= Beginning of Section =
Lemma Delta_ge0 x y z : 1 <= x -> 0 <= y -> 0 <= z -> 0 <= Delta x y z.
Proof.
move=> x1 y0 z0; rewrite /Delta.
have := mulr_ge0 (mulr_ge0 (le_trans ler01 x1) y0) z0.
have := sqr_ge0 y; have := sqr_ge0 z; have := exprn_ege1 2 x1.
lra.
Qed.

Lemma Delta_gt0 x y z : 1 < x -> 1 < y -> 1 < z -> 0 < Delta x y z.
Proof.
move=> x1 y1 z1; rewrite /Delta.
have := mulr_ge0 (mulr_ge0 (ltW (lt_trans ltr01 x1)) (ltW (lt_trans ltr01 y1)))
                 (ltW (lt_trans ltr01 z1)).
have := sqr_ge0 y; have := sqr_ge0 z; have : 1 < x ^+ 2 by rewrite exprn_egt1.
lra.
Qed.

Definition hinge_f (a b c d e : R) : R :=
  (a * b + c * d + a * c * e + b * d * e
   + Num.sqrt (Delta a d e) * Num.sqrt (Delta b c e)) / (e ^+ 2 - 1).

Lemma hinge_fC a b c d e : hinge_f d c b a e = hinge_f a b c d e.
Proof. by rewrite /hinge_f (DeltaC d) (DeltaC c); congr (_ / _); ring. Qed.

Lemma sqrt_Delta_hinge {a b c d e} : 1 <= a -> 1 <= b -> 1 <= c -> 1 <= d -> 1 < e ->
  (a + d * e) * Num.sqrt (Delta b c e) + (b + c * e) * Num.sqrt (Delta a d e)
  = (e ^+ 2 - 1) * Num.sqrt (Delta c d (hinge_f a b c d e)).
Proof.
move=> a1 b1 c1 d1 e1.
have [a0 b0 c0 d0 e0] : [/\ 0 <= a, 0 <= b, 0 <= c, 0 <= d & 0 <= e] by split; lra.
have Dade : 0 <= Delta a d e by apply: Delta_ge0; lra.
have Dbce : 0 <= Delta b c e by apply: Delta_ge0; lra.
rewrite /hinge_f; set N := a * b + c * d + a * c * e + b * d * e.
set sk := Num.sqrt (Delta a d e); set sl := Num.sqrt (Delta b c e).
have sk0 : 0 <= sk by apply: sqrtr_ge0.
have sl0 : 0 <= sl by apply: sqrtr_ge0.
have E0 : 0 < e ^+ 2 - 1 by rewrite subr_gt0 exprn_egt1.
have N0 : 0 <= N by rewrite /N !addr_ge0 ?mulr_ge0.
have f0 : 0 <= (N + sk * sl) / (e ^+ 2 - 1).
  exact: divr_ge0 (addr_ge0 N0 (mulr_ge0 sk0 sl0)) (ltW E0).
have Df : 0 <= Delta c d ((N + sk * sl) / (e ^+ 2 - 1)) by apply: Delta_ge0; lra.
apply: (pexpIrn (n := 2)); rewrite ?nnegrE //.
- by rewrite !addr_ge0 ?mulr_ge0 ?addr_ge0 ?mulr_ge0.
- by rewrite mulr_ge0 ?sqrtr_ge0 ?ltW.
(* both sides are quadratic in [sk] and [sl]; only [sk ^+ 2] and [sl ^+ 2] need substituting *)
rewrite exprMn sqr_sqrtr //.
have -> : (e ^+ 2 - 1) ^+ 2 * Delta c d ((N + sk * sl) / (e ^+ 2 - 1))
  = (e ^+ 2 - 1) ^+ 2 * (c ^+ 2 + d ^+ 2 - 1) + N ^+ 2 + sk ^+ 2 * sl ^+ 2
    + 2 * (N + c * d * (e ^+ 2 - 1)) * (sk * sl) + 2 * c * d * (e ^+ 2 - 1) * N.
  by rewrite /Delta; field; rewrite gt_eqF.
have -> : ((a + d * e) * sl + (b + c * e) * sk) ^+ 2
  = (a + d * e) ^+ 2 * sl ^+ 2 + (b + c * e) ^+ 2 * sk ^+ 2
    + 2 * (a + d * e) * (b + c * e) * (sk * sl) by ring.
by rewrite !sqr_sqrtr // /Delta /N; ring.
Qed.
= End of Section =
Your task is to repeat every entry exactly.

Lemma Delta_ge0 x y z : 1 <= x -> 0 <= y -> 0 <= z -> 0 <= Delta x y z.
Proof.
move=> x1 y0 z0; rewrite /Delta.
have := mulr_ge0 (mulr_ge0 (le_trans ler01 x1) y0) z0.
have := sqr_ge0 y; have := sqr_ge0 z; have := exprn_ege1 2 x1.
lra.
Qed.

Lemma Delta_gt0 x y z : 1 < x -> 1 < y -> 1 < z -> 0 < Delta x y z.
Proof.
move=> x1 y1 z1; rewrite /Delta.
have := mulr_ge0 (mulr_ge0 (ltW (lt_trans ltr01 x1)) (ltW (lt_trans ltr01 y1)))
                 (ltW (lt_trans ltr01 z1)).
have := sqr_ge0 y; have := sqr_ge0 z; have : 1 < x ^+ 2 by rewrite exprn_egt1.
lra.
Qed.

Definition hinge_f (a b c d e : R) : R :=
  (a * b + c * d + a * c * e + b * d * e
   + Num.sqrt (Delta a d e) * Num.sqrt (Delta b c e)) / (e ^+ 2 - 1).

Lemma hinge_fC a b c d e : hinge_f d c b a e = hinge_f a b c d e.
Proof. by rewrite /hinge_f (DeltaC d) (DeltaC c); congr (_ / _); ring. Qed.

Lemma sqrt_Delta_hinge {a b c d e} : 1 <= a -> 1 <= b -> 1 <= c -> 1 <= d -> 1 < e ->
  (a + d * e) * Num.sqrt (Delta b c e) + (b + c * e) * Num.sqrt (Delta a d e)
  = (e ^+ 2 - 1) * Num.sqrt (Delta c d (hinge_f a b c d e)).
Proof.
move=> a1 b1 c1 d1 e1.
have [a0 b0 c0 d0 e0] : [/\ 0 <= a, 0 <= b, 0 <= c, 0 <= d & 0 <= e] by split; lra.
have Dade : 0 <= Delta a d e by apply: Delta_ge0; lra.
have Dbce : 0 <= Delta b c e by apply: Delta_ge0; lra.
rewrite /hinge_f; set N := a * b + c * d + a * c * e + b * d * e.
set sk := Num.sqrt (Delta a d e); set sl := Num.sqrt (Delta b c e).
have sk0 : 0 <= sk by apply: sqrtr_ge0.
have sl0 : 0 <= sl by apply: sqrtr_ge0.
have E0 : 0 < e ^+ 2 - 1 by rewrite subr_gt0 exprn_egt1.
have N0 : 0 <= N by rewrite /N !addr_ge0 ?mulr_ge0.
have f0 : 0 <= (N + sk * sl) / (e ^+ 2 - 1).
  exact: divr_ge0 (addr_ge0 N0 (mulr_ge0 sk0 sl0)) (ltW E0).
have Df : 0 <= Delta c d ((N + sk * sl) / (e ^+ 2 - 1)) by apply: Delta_ge0; lra.
apply: (pexpIrn (n := 2)); rewrite ?nnegrE //.
- by rewrite !addr_ge0 ?mulr_ge0 ?addr_ge0 ?mulr_ge0.
- by rewrite mulr_ge0 ?sqrtr_ge0 ?ltW.
(* both sides are quadratic in [sk] and [sl]; only [sk ^+ 2] and [sl ^+ 2] need substituting *)
rewrite exprMn sqr_sqrtr //.
have -> : (e ^+ 2 - 1) ^+ 2 * Delta c d ((N + sk * sl) / (e ^+ 2 - 1))
  = (e ^+ 2 - 1) ^+ 2 * (c ^+ 2 + d ^+ 2 - 1) + N ^+ 2 + sk ^+ 2 * sl ^+ 2
    + 2 * (N + c * d * (e ^+ 2 - 1)) * (sk * sl) + 2 * c * d * (e ^+ 2 - 1) * N.
  by rewrite /Delta; field; rewrite gt_eqF.
have -> : ((a + d * e) * sl + (b + c * e) * sk) ^+ 2
  = (a + d * e) ^+ 2 * sl ^+ 2 + (b + c * e) ^+ 2 * sk ^+ 2
    + 2 * (a + d * e) * (b + c * e) * (sk * sl) by ring.
by rewrite !sqr_sqrtr // /Delta /N; ring.
Qed.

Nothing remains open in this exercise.